Description of the task ::
Starting at the line below holding "sum_f_R0 (fun j" and stopping at the line holding "intros Ha HB.", print every line exactly, both ends included, and leave the rest out.

Available records ::
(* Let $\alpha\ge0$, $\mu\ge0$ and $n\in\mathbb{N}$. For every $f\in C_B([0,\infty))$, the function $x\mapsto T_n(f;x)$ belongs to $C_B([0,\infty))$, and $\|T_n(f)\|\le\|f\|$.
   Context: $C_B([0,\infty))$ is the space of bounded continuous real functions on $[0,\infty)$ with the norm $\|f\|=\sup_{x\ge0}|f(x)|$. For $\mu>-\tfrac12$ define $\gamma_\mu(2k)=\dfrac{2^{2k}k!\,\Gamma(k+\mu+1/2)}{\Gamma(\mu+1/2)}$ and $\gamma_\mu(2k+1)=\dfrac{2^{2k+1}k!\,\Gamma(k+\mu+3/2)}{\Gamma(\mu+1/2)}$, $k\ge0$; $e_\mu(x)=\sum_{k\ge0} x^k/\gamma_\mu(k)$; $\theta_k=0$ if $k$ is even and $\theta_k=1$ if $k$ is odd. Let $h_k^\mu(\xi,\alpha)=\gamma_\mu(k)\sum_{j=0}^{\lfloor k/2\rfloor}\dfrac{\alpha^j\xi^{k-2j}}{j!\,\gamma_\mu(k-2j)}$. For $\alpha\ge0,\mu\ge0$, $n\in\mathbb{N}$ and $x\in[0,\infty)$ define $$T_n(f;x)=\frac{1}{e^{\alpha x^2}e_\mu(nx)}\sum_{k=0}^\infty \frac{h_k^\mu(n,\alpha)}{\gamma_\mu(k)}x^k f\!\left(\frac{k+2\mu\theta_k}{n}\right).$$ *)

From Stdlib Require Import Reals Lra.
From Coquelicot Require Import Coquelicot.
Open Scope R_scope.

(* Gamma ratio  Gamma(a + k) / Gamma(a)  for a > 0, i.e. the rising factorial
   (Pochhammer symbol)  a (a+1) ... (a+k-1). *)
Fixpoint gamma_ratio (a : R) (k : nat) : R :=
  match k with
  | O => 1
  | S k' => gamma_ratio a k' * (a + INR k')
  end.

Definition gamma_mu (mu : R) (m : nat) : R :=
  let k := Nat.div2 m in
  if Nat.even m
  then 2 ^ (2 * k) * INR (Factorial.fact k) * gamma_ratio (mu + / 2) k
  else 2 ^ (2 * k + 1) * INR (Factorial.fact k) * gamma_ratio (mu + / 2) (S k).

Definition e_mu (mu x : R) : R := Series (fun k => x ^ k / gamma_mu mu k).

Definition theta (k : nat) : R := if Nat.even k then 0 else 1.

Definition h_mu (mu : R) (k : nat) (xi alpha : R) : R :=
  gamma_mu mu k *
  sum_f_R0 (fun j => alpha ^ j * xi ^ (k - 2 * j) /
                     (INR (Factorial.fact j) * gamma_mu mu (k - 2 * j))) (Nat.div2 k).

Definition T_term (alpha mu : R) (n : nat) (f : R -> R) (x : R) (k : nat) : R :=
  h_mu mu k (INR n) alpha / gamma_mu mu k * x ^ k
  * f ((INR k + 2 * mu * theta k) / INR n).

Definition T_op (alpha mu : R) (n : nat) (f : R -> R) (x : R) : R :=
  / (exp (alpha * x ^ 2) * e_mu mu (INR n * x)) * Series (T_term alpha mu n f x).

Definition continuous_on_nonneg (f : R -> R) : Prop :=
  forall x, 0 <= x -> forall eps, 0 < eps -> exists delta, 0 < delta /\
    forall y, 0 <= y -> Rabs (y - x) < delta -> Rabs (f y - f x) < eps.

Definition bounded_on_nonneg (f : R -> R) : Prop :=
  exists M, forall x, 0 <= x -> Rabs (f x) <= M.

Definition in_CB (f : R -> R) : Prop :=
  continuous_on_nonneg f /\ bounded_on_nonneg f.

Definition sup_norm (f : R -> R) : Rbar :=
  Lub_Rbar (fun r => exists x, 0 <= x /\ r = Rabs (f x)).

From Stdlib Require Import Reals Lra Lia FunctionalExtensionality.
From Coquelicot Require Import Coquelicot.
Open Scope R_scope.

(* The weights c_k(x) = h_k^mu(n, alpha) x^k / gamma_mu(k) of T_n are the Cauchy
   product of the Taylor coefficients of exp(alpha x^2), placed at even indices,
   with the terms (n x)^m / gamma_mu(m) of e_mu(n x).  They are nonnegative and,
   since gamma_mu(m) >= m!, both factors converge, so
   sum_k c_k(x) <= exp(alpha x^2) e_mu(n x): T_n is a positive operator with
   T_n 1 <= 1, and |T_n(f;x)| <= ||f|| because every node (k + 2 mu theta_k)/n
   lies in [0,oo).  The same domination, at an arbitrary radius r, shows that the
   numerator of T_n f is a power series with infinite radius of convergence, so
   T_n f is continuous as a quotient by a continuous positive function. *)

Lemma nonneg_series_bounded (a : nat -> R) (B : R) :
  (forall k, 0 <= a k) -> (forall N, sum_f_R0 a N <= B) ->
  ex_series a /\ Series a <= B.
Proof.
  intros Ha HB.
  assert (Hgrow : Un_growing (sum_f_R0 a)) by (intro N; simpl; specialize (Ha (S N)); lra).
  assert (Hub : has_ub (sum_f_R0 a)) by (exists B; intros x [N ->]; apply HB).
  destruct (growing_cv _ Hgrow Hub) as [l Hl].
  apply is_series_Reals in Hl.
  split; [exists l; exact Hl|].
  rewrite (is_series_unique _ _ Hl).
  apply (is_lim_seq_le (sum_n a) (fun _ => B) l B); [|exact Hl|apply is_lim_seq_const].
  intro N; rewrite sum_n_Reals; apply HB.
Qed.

Written reply ::
  sum_f_R0 (fun j => alpha ^ j * xi ^ (k - 2 * j) /
                     (INR (Factorial.fact j) * gamma_mu mu (k - 2 * j))) (Nat.div2 k).

Definition T_term (alpha mu : R) (n : nat) (f : R -> R) (x : R) (k : nat) : R :=
  h_mu mu k (INR n) alpha / gamma_mu mu k * x ^ k
  * f ((INR k + 2 * mu * theta k) / INR n).

Definition T_op (alpha mu : R) (n : nat) (f : R -> R) (x : R) : R :=
  / (exp (alpha * x ^ 2) * e_mu mu (INR n * x)) * Series (T_term alpha mu n f x).

Definition continuous_on_nonneg (f : R -> R) : Prop :=
  forall x, 0 <= x -> forall eps, 0 < eps -> exists delta, 0 < delta /\
    forall y, 0 <= y -> Rabs (y - x) < delta -> Rabs (f y - f x) < eps.

Definition bounded_on_nonneg (f : R -> R) : Prop :=
  exists M, forall x, 0 <= x -> Rabs (f x) <= M.

Definition in_CB (f : R -> R) : Prop :=
  continuous_on_nonneg f /\ bounded_on_nonneg f.

Definition sup_norm (f : R -> R) : Rbar :=
  Lub_Rbar (fun r => exists x, 0 <= x /\ r = Rabs (f x)).

From Stdlib Require Import Reals Lra Lia FunctionalExtensionality.
From Coquelicot Require Import Coquelicot.
Open Scope R_scope.

(* The weights c_k(x) = h_k^mu(n, alpha) x^k / gamma_mu(k) of T_n are the Cauchy
   product of the Taylor coefficients of exp(alpha x^2), placed at even indices,
   with the terms (n x)^m / gamma_mu(m) of e_mu(n x).  They are nonnegative and,
   since gamma_mu(m) >= m!, both factors converge, so
   sum_k c_k(x) <= exp(alpha x^2) e_mu(n x): T_n is a positive operator with
   T_n 1 <= 1, and |T_n(f;x)| <= ||f|| because every node (k + 2 mu theta_k)/n
   lies in [0,oo).  The same domination, at an arbitrary radius r, shows that the
   numerator of T_n f is a power series with infinite radius of convergence, so
   T_n f is continuous as a quotient by a continuous positive function. *)

Lemma nonneg_series_bounded (a : nat -> R) (B : R) :
  (forall k, 0 <= a k) -> (forall N, sum_f_R0 a N <= B) ->
  ex_series a /\ Series a <= B.
Proof.
  intros Ha HB.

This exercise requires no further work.